The deflection-pressure curve appears linear up to about 12.5 MPa lower than the simulated yielding pressure of 13.75 MPa and the elasticity seems to remain even up to 20 MPa, although the deflection rate against pressure becomes lower. This would be due to work hardening of the round-groove of the diaphragm. Through regression analysis the linear relationship between diaphragm deflection (δ) and pressure (P), δ (μm) = 1.142P (MPa) + 0.087, is of such good fitness that a coefficient of determination of 0.999 is obtained.

5.2. Assembled Pressure Sensor

Figure 13 shows a cross section view of an assembled pressure sensor developed for this research.

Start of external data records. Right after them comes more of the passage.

(* In the setting described in the context, the following hold. (1) Suppose that for a fixed $b_0\in(0,1)$ and some $b_h<b_0$ one has $|J(u)-J(u_h^{(2)})|<b_h|J(u)-J(\tilde u)|$. Then $$I_{eff}:=\frac{|\eta^{(2)}|}{|J(u)-J(\tilde u)|}\in[1-b_0,\,1+b_0].$$ If moreover this holds along a family of such configurations (indexed by $h$) with $b_h\to0$, then $I_{eff}\to1$. (2) Suppose that for a fixed $b_{0,\gamma}\in(0,1)$ and some $b_{h,\gamma}<b_{0,\gamma}$ one has $\gamma<b_{h,\gamma}|J(u)-J(\tilde u)|$. Then $$I_{eff,\gamma}:=\frac{|\eta_h^{(2)}|}{|J(u)-J(\tilde u)|}\in[1-b_{0,\gamma},\,1+b_{0,\gamma}].$$ If moreover this holds along a family of such configurations with $b_{h,\gamma}\to0$, then $I_{eff,\gamma}\to1$.
   Context: Let $U$ and $V$ be real Banach spaces with dual $V^*$. Let $\mathcal{A}:U\to V^*$ be a (nonlinear) operator that is three times continuously Fréchet differentiable, and let $J:U\to\mathbb{R}$ be three times continuously Fréchet differentiable. Notation: $\mathcal{A}(w)(v)$ is the value of $\mathcal{A}(w)\in V^*$ at $v\in V$. For fixed $v$, $\mathcal{A}'(w)(\varphi,v)$, $\mathcal{A}''(w)(\varphi,\psi,v)$ and $\mathcal{A}'''(w)(\varphi,\psi,\chi,v)$ denote the first, second and third Fréchet derivatives of $w\mapsto\mathcal{A}(w)(v)$ at $w$ in the directions $\varphi,\psi,\chi\in U$. Analogously, $J'(w)(\varphi)$ and $J'''(w)(\varphi,\psi,\chi)$ denote derivatives of $J$. Let $u\in U$ satisfy $\mathcal{A}(u)(v)=0$ for all $v\in V$, and let $z\in V$ satisfy $\mathcal{A}'(u)(\varphi,z)=J'(u)(\varphi)$ for all $\varphi\in U$. Let $U_h^{(2)}\subset U$ and $V_h^{(2)}\subset V$ be finite-dimensional subspaces. Let $u_h^{(2)}\in U_h^{(2)}$ satisfy $\mathcal{A}(u_h^{(2)})(v)=0$ for all $v\in V_h^{(2)}$. Let $z_h^{(2)}\in V_h^{(2)}$ satisfy $\mathcal{A}'(u_h^{(2)})(\varphi,z_h^{(2)})=J'(u_h^{(2)})(\varphi)$ for all $\varphi\in U_h^{(2)}$. Let $\tilde u\in U_h^{(2)}$ and $\tilde z\in V_h^{(2)}$ be arbitrary fixed elements. Define $\rho(\tilde u)(v):=-\mathcal{A}(\tilde u)(v)$ and $\rho^*(\tilde u,\tilde z)(\varphi):=J'(\tilde u)(\varphi)-\mathcal{A}'(\tilde u)(\varphi,\tilde z)$. With $e:=u-\tilde u$ and $e^*:=z-\tilde z$, define $$\mathcal{R}^{(3)}:=\frac12\int_0^1\Big[J'''(\tilde u+se)(e,e,e)-\mathcal{A}'''(\tilde u+se)(e,e,e,\tilde z+se^* )-3\mathcal{A}''(\tilde u+se)(e,e,e^* )\Big]s(s-1)\,ds.$$ Let $\mathcal{R}^{(3)(2)}$ be the same expression with $e,e^*,z$ replaced by $e^{(2)}:=u_h^{(2)}-\tilde u$, $e^{(2),*}:=z_h^{(2)}-\tilde z$, $z_h^{(2)}$. Define $$\eta_h^{(2)}:=\tfrac12\rho(\tilde u)(z_h^{(2)}-\tilde z)+\tfrac12\rho^*(\tilde u,\tilde z)(u_h^{(2)}-\tilde u),\qquad \eta^{(2)}:=\eta_h^{(2)}+\rho(\tilde u)(\tilde z)+\mathcal{R}^{(3)(2)},$$ $$\gamma:=|J(u)-J(u_h^{(2)})|+|\mathcal{R}^{(3)}-\mathcal{R}^{(3)(2)}|+|\rho(\tilde u)(\tilde z)|+|\mathcal{R}^{(3)}|.$$ *)

From HB Require Import structures.
From mathcomp Require Import all_boot all_order all_algebra.
From mathcomp Require Import all_classical all_reals all_analysis.
Set Implicit Arguments. Unset Strict Implicit. Unset Printing Implicit Defensive.
Import Order.TTheory GRing.Theory Num.Theory.
Import numFieldNormedType.Exports.
Local Open Scope classical_set_scope.
Local Open Scope ring_scope.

Its round-groove machined in both faces by turning, a round-grooved diaphragm was welded on the one end of housing. An insulator was placed between diaphragm and target plate to prevent heat transfer from the diaphragm since the coil impedance is affected by temperature.

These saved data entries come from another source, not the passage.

(* For the Steiner tree problem with revenues, budgets and hop constraints (STPRBH), the partial-ordering model (P-STPRBH) is strictly stronger than the assignment model (A-STPRBH): for every STPRBH instance the LP relaxation values satisfy $\nu_{\text{P-STPRBH}}\le\nu_{\text{A-STPRBH}}$, and there exist STPRBH instances for which this inequality is strict.
   Context: STPRBH instance: a complete undirected graph $G=(V,E)$ with edge costs $c:E\to\mathbb{R}_{>0}$, node revenues $\rho:V\to\mathbb{R}_{\ge0}$, a root $r\in V$, a hop limit $H\ge1$ and a budget $B\ge0$. For every ordered pair $(u,v)$ of distinct nodes there is a variable $x_{u,v}$. Common $x$-constraints: (X1) $\sum_{u\neq v}x_{u,v}\le1$ for all $v\in V$; (X2) $\sum_{u\in V\setminus\{v,w\}}x_{u,v}\ge x_{v,w}$ for all $v\in V\setminus\{r\}$, $w\neq v$; (X3) $0\le x_{u,v}\le1$; (X5) $\sum_{uv\in E}c_{uv}(x_{u,v}+x_{v,u})\le B$. $\mathcal{P}^{STPRBH}$: all $(x,l,g)$ (with $l_{v,i},g_{i,v}$ for $v\in V$, $i=0,\dots,H$) satisfying (X1)–(X3),(X5) and $l_{r,0}=g_{0,r}=0$; $l_{v,1}=g_{H,v}=0$ for $v\neq r$; $l_{v,i}\le l_{v,i+1}$ and $g_{i,v}+l_{v,i+1}=1$ for $v\in V$, $i=0,\dots,H-1$; $l_{u,i}+g_{i,v}\ge x_{u,v}$ for $u\neq v$, $i=0,\dots,H$; $0\le l,g\le1$. $\mathcal{A}^{STPRBH}$: all $(x,y)$ (with $y_{v,i}$ for $v\in V$, $i=0,\dots,H$) satisfying (X1)–(X3),(X5) and $y_{r,0}=1$; $y_{r,i}=0$ for $i\ge1$; $y_{v,0}=0$ and $\sum_{i=1}^Hy_{v,i}=1$ for $v\neq r$; $y_{u,i}-y_{v,i+1}+x_{u,v}\le1$ for $u\neq v$, $i=0,\dots,H-1$; $y_{u,H}+x_{u,v}\le1$ for $u\neq v$; $0\le y\le1$. (A-STPRBH) and (P-STPRBH) maximize $\rho_r+\sum_{uv\in E}(x_{u,v}\rho_v+x_{v,u}\rho_u)$ over the integral points of $\mathcal{A}^{STPRBH}$ and $\mathcal{P}^{STPRBH}$ respectively. $\nu_M$ is the optimal value of the LP relaxation of ILP $M$. For a maximization problem, model $A$ is stronger than $B$ if $\nu_A\le\nu_B$ on all instances, and strictly stronger if moreover strict inequality holds for some instance. *)

From HB Require Import structures.
From mathcomp Require Import all_boot all_order all_algebra.
From mathcomp Require Import boolp classical_sets reals.
Set Implicit Arguments. Unset Strict Implicit. Unset Printing Implicit Defensive.
Import Order.TTheory GRing.Theory Num.Theory.
Local Open Scope ring_scope.
Local Open Scope classical_set_scope.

5.3. Performance Evaluation of an Assembled Pressure Sensor According to Applied Pressure

The performance of an assembled sensor was tested on the same equipment as in Figure 11 with a HBT probe replaced by a multi-meter to measure the pressure output (voltage) depicted in Figure 3. The measurement results are summarized in

Table 3. Measurement results of the assembled sensor according to varied pressure.

Pressure (MPa)	Impedance Change (mΩ)	Sensor Output (V)	Error (%)
0	0.00	0.00	0.00
1	11.66	0.98	0.13
2	23.45	1.99	0.15
3	35.29	2.99	0.12
4	47.14	3.99	0.09
5	58.96	4.99	0.08
6	70.75	5.99	0.10
7	82.52	6.99	0.13
8	94.30	7.99	0.16
9	106.14	8.99	0.13
10	118.10	10.00	0.00

* Error (%) = (Sensor output (V)—Expected value(V))/(10V) × 100.

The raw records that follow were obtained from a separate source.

(* W(rho, pi), with rhopi_e = mu_e^{-1}(f^pi_e) *)
Definition Wr n m tl (alpha : R) (rho rhopi : nat -> R) : R :=
  sumN n (fun v => alpha ^ v *
    sum_out m tl v (fun e => Rabs (rho e - rhopi e))).

Definition gradW (tl : nat -> nat) (alpha : R) (rho rhopi : nat -> R) (e : nat) : R :=
  alpha ^ (tl e) * sgn (rho e - rhopi e).

From Stdlib Require Import Reals List Lra Lia Classical FunctionalExtensionality.
Open Scope R_scope.

(* At a node [v < n] with inflow [lam] ([lam = 1] at the origin), [H = lam G(f) - f] on the
   outgoing links, while consistency and flow conservation give [f^pi = lamp G(f^pi)] there.
   Hence [sum_e sigma_e H_e] splits into [(lam - lamp) sum_e sigma_e G_e(f)], which is at most
   [|lam - lamp| <= sum_(e in E_v^-) |f_e - f^pi_e|], plus
   [lamp sum_e sigma_e (G_e(f) - G_e(f^pi))], which is [<= 0] by cooperativity (raising one
   coordinate raises every other [G_j] while [sum_j G_j = 1]), minus
   [sum_(e in E_v^+) |f_e - f^pi_e|].  Weighting node [v] by [alpha^v], a link counted as
   incoming at [hd e] gets weight [alpha^(hd e) <= alpha * alpha^(tl e)], so the total is at
   most [alpha V - V].  The gradient identity holds because [mu_e] is strictly increasing, so
   [sgn (rho_e - rho^pi_e) = sgn (f_e - f^pi_e)]. *)

Lemma sumL_app {A} (l1 l2 : list A) F : sumL (l1 ++ l2) F = sumL l1 F + sumL l2 F.
Proof. induction l1 as [|a l1 IH]; simpl; [lra|]. rewrite IH; lra. Qed.

Lemma sumL_ext {A} (l : list A) F F' :
  (forall x, In x l -> F x = F' x) -> sumL l F = sumL l F'.
Proof. induction l as [|a l IH]; simpl; intros H; auto. rewrite H, IH; auto. Qed.

Lemma sumL_le {A} (l : list A) F F' :
  (forall x, In x l -> F x <= F' x) -> sumL l F <= sumL l F'.
Proof.
  induction l as [|a l IH]; simpl; intros H; [lra|].
  specialize (IH (fun x h => H x (or_intror h))). specialize (H a (or_introl eq_refl)). lra.
Qed.

Lemma sumL_plus {A} (l : list A) F F' :
  sumL l (fun x => F x + F' x) = sumL l F + sumL l F'.
Proof. induction l as [|a l IH]; simpl; [lra|]. rewrite IH; lra. Qed.

Lemma sumL_scal {A} (l : list A) c F : sumL l (fun x => c * F x) = c * sumL l F.
Proof. induction l as [|a l IH]; simpl; [lra|]. rewrite IH; lra. Qed.

Lemma sumL_zero {A} (l : list A) : sumL l (fun _ => 0) = 0.
Proof. induction l as [|a l IH]; simpl; [lra|]. rewrite IH; lra. Qed.

Lemma sumL_comm {A B} (l1 : list A) (l2 : list B) F :
  sumL l1 (fun a => sumL l2 (F a)) = sumL l2 (fun b => sumL l1 (fun a => F a b)).
Proof.
  induction l1 as [|a l1 IH]; simpl; [now rewrite sumL_zero|].
  rewrite IH, <- sumL_plus. reflexivity.
Qed.

Lemma sumL_nonneg {A} (l : list A) F : (forall x, In x l -> 0 <= F x) -> 0 <= sumL l F.
Proof. intros H. rewrite <- (sumL_zero l). now apply sumL_le. Qed.

Lemma sumN_ext N F F' : (forall k, (k < N)%nat -> F k = F' k) -> sumN N F = sumN N F'.
Proof. intros H; apply sumL_ext; intros k Hk%in_seq; apply H; lia. Qed.

Lemma sumN_le N F F' : (forall k, (k < N)%nat -> F k <= F' k) -> sumN N F <= sumN N F'.
Proof. intros H; apply sumL_le; intros k Hk%in_seq; apply H; lia. Qed.

Lemma sumN_plus N F F' : sumN N (fun k => F k + F' k) = sumN N F + sumN N F'.
Proof. apply sumL_plus. Qed.

Lemma sumN_scal N c F : sumN N (fun k => c * F k) = c * sumN N F.
Proof. apply sumL_scal. Qed.

Lemma sumN_minus N F F' : sumN N (fun k => F k - F' k) = sumN N F - sumN N F'.
Proof.
  rewrite (sumN_ext N _ (fun k => F k + (-1) * F' k)) by (intros; ring).
  rewrite sumN_plus, sumN_scal; ring.
Qed.

Lemma sumN_S N F : sumN (S N) F = sumN N F + F N.
Proof. unfold sumN. rewrite seq_S, sumL_app. simpl. ring. Qed.

Lemma sumN_delta N k c :
  sumN N (fun j => if Nat.eqb k j then c j else 0) = if Nat.ltb k N then c k else 0.
Proof.
  induction N as [|N IH]; [reflexivity|].
  rewrite sumN_S, IH.
  destruct (Nat.eqb_spec k N), (Nat.ltb_spec k N), (Nat.ltb_spec k (S N)); subst;
    try lia; ring.
Qed.

Definition fiber_sum (m : nat) (key : nat -> nat) (v : nat) (F : nat -> R) : R :=
  sumN m (fun e => if Nat.eqb (key e) v then F e else 0).

Section FiberSum.
Variables (m : nat) (key : nat -> nat) (v : nat).

Lemma fiber_sum_le F F' :
  (forall e, (e < m)%nat -> key e = v -> F e <= F' e) ->
  fiber_sum m key v F <= fiber_sum m key v F'.
Proof.
  intros H; apply sumN_le; intros e He.
  destruct (Nat.eqb_spec (key e) v); [now apply H | lra].
Qed.

Lemma fiber_sum_ext F F' :
  (forall e, (e < m)%nat -> key e = v -> F e = F' e) ->
  fiber_sum m key v F = fiber_sum m key v F'.
Proof.
  intros H; apply Rle_antisym; apply fiber_sum_le; intros e He Hk; rewrite H; auto; lra.
Qed.

Lemma fiber_sum_zero : fiber_sum m key v (fun _ => 0) = 0.
Proof.
  unfold fiber_sum. rewrite (sumN_ext m _ (fun _ => 0)) by (intros; now destruct Nat.eqb).
  apply sumL_zero.
Qed.

Lemma fiber_sum_nonneg F :
  (forall e, (e < m)%nat -> key e = v -> 0 <= F e) -> 0 <= fiber_sum m key v F.
Proof. intros H. rewrite <- fiber_sum_zero. now apply fiber_sum_le. Qed.

Lemma fiber_sum_plus F F' :
  fiber_sum m key v (fun e => F e + F' e) = fiber_sum m key v F + fiber_sum m key v F'.
Proof. unfold fiber_sum. rewrite <- sumN_plus. apply sumN_ext; intros; destruct Nat.eqb; ring. Qed.

Lemma fiber_sum_scal c F :
  fiber_sum m key v (fun e => c * F e) = c * fiber_sum m key v F.
Proof. unfold fiber_sum. rewrite <- sumN_scal. apply sumN_ext; intros; destruct Nat.eqb; ring. Qed.

Lemma fiber_sum_minus F F' :
  fiber_sum m key v (fun e => F e - F' e) = fiber_sum m key v F - fiber_sum m key v F'.
Proof. unfold fiber_sum. rewrite <- sumN_minus. apply sumN_ext; intros; destruct Nat.eqb; ring. Qed.

Lemma Rabs_fiber_sum_le F :
  Rabs (fiber_sum m key v F) <= fiber_sum m key v (fun e => Rabs (F e)).
Proof.
  apply Rabs_le; split.
  - assert (Hlow : fiber_sum m key v (fun e => -1 * Rabs (F e)) <= fiber_sum m key v F).
    { apply fiber_sum_le; intros e _ _.
      pose proof (Rle_abs (- F e)) as Hneg; rewrite Rabs_Ropp in Hneg; lra. }
    rewrite fiber_sum_scal in Hlow; lra.
  - apply fiber_sum_le; intros; apply Rle_abs.
Qed.

Lemma fiber_sum_indicator e : (e < m)%nat ->
  fiber_sum m key v (fun e' => if Nat.eqb e' e then 1 else 0) = if Nat.eqb (key e) v then 1 else 0.
Proof.
  intros He. unfold fiber_sum.
  rewrite (sumN_ext m _ (fun e' => if Nat.eqb e e' then (if Nat.eqb (key e') v then 1 else 0) else 0)).
  - rewrite sumN_delta. now destruct (Nat.ltb_spec e m); try lia.
  - intros e' _. rewrite (Nat.eqb_sym e e').
    now destruct (Nat.eqb e' e), (Nat.eqb (key e') v).
Qed.

End FiberSum.

Lemma sumN_pow_fiber_sum n m key (a : R) F :
  sumN n (fun v => a ^ v * fiber_sum m key v F) =
  sumN m (fun e => if Nat.ltb (key e) n then a ^ key e * F e else 0).
Proof.
  rewrite (sumN_ext n _ (fun v => sumN m (fun e => if Nat.eqb (key e) v then a ^ v * F e else 0))).
  - unfold sumN. rewrite sumL_comm. apply sumL_ext; intros e _.
    apply (sumN_delta n (key e) (fun v => a ^ v * F e)).
  - intros v _. unfold fiber_sum. rewrite <- sumN_scal.
    apply sumN_ext; intros; destruct Nat.eqb; ring.
Qed.

Lemma sgn_pos x : 0 < x -> sgn x = 1.
Proof. unfold sgn; destruct Rlt_dec; [auto | lra]. Qed.

Lemma sgn_neg x : x < 0 -> sgn x = -1.
Proof. unfold sgn; destruct Rlt_dec; [lra|]. destruct Rlt_dec; [auto | lra]. Qed.

Lemma sgn_bound x : -1 <= sgn x <= 1.
Proof. unfold sgn; repeat destruct Rlt_dec; lra. Qed.

Lemma sgn_mul_self x : sgn x * x = Rabs x.
Proof.
  unfold sgn; repeat destruct Rlt_dec.
  - rewrite Rabs_right; lra.
  - rewrite Rabs_left; lra.
  - replace x with 0 by lra. rewrite Rabs_R0; ring.
Qed.

Lemma sgn_sub_strict_mono (h : R -> R) x y :
  (forall s t, 0 <= s -> s < t -> h s < h t) -> 0 <= x -> 0 <= y ->
  sgn (h x - h y) = sgn (x - y).
Proof.
  intros Hh Hx Hy.
  destruct (Rtotal_order x y) as [Hlt | [-> | Hgt]].
  - specialize (Hh x y Hx Hlt). rewrite !sgn_neg; lra.
  - now rewrite !Rminus_diag.
  - specialize (Hh y x Hy Hgt). rewrite !sgn_pos; lra.
Qed.

Lemma deriv_within_continuous phi D t l : deriv_within phi D t l ->
  forall eps, eps > 0 -> exists del, del > 0 /\
    forall y, D y -> Rabs (y - t) < del -> Rabs (phi y - phi t) < eps.
Proof.
  intros Hd eps Heps. destruct (Hd 1 Rlt_0_1) as [d0 [Hd0 H0]].
  assert (Hl : 0 < Rabs l + 1) by (pose proof (Rabs_pos l); lra).
  exists (Rmin d0 (eps / (Rabs l + 1))). split.
  { apply Rmin_pos; auto. now apply Rdiv_lt_0_compat. }
  intros y Dy Hy. destruct (Req_dec y t) as [-> | Hne].
  { rewrite Rminus_diag, Rabs_R0; lra. }
  assert (Hq := H0 y (conj (conj Dy Hne) (Rlt_le_trans _ _ _ Hy (Rmin_l _ _)))).
  simpl in Hq; unfold R_dist in Hq.
  set (q := (phi y - phi t) / (y - t)) in *.
  assert (Hdiff : phi y - phi t = q * (y - t)) by (unfold q; field; lra).
  assert (Hqb : Rabs q <= Rabs l + 1).
  { replace q with ((q - l) + l) by ring. eapply Rle_trans; [apply Rabs_triang|]. lra. }
  assert (Hyt : Rabs (y - t) * (Rabs l + 1) < eps).
  { assert (Hy' : Rabs (y - t) < eps / (Rabs l + 1))
      by (eapply Rlt_le_trans; [exact Hy | apply Rmin_r]).
    apply (Rmult_lt_compat_r (Rabs l + 1)) in Hy'; [|lra].
    unfold Rdiv in Hy'. rewrite Rmult_assoc, Rinv_l in Hy' by lra. lra. }
  rewrite Hdiff, Rabs_mult. pose proof (Rabs_pos (y - t)). nra.
Qed.

Lemma deriv_within_interior phi psi D a b c l : deriv_within phi D c l ->
  (forall y, a <= y <= b -> D y) -> (forall y, a <= y <= b -> psi y = phi y) -> a < c < b ->
  derivable_pt_lim psi c l.
Proof.
  intros Hd HD Hpsi Hc eps Heps. destruct (Hd eps Heps) as [d0 [Hd0 H0]].
  set (r := Rmin d0 (Rmin (c - a) (b - c))).
  assert (Hr : 0 < r) by (apply Rmin_pos; auto; apply Rmin_pos; lra).
  assert (Hrd := Rmin_l d0 (Rmin (c - a) (b - c))).
  assert (Hra := Rmin_l (c - a) (b - c)). assert (Hrb := Rmin_r (c - a) (b - c)).
  assert (Hrm := Rmin_r d0 (Rmin (c - a) (b - c))). fold r in Hrd, Hrm.
  exists (mkposreal r Hr); simpl. intros h Hh Hlt.
  assert (Hb : a <= c + h <= b) by (destruct (Rabs_def2 h _ Hlt); lra).
  rewrite !Hpsi by (auto; lra).
  assert (Hq : dist R_met (c + h) c < d0).
  { simpl; unfold R_dist. replace (c + h - c) with h by ring. lra. }
  assert (Hne : c + h <> c) by (intro Heq; apply Hh; lra).
  specialize (H0 (c + h) (conj (conj (HD _ Hb) Hne) Hq)).
  simpl in H0; unfold R_dist in H0. now replace (c + h - c) with h in H0 by ring.
Qed.

Definition clamp (a b x : R) : R := Rmax a (Rmin x b).

Lemma clamp_id a b y : a <= y <= b -> clamp a b y = y.
Proof. intros Hy; unfold clamp, Rmax, Rmin; repeat destruct Rle_dec; lra. Qed.

Lemma clamp_contract a b c x : a <= c <= b ->
  a <= clamp a b x <= b /\ Rabs (clamp a b x - c) <= Rabs (x - c).
Proof. intros Hc; unfold clamp, Rmax, Rmin; repeat destruct Rle_dec; split_Rabs; lra. Qed.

and the sensor output is displayed in Figure 14a. The sensor output is linearly well related with input pressure up to 10 MPa and has maximum linearity errors less than 0.16%, as seen in Figure 14b, which is much smaller than other commercialized sensors.

6. Conclusions

An eddy current type pressure sensor with an outer diameter of 10 mm was developed and its characteristic was investigated so as to get appropriate values of the design parameters of the sensor’s two key components, i.e., diaphragm and coil. Some important findings are summarized as follows.

(1)

The coil designed in this research has a good linear relationship between the impedance change and the distance to target plate up to 500 μm.

(2)

A round-grooved diaphragm is much better for stable measurement of deflection even with much less deflection compared to a flat type one.

(3)

Depending on the required pressure and sensitivity measurement, the design parameters of a round-grooved diaphragm can be selected.

(4)

The developed sensor shows a very good linearity up to 10 MPa with linearity errors less than 0.16%.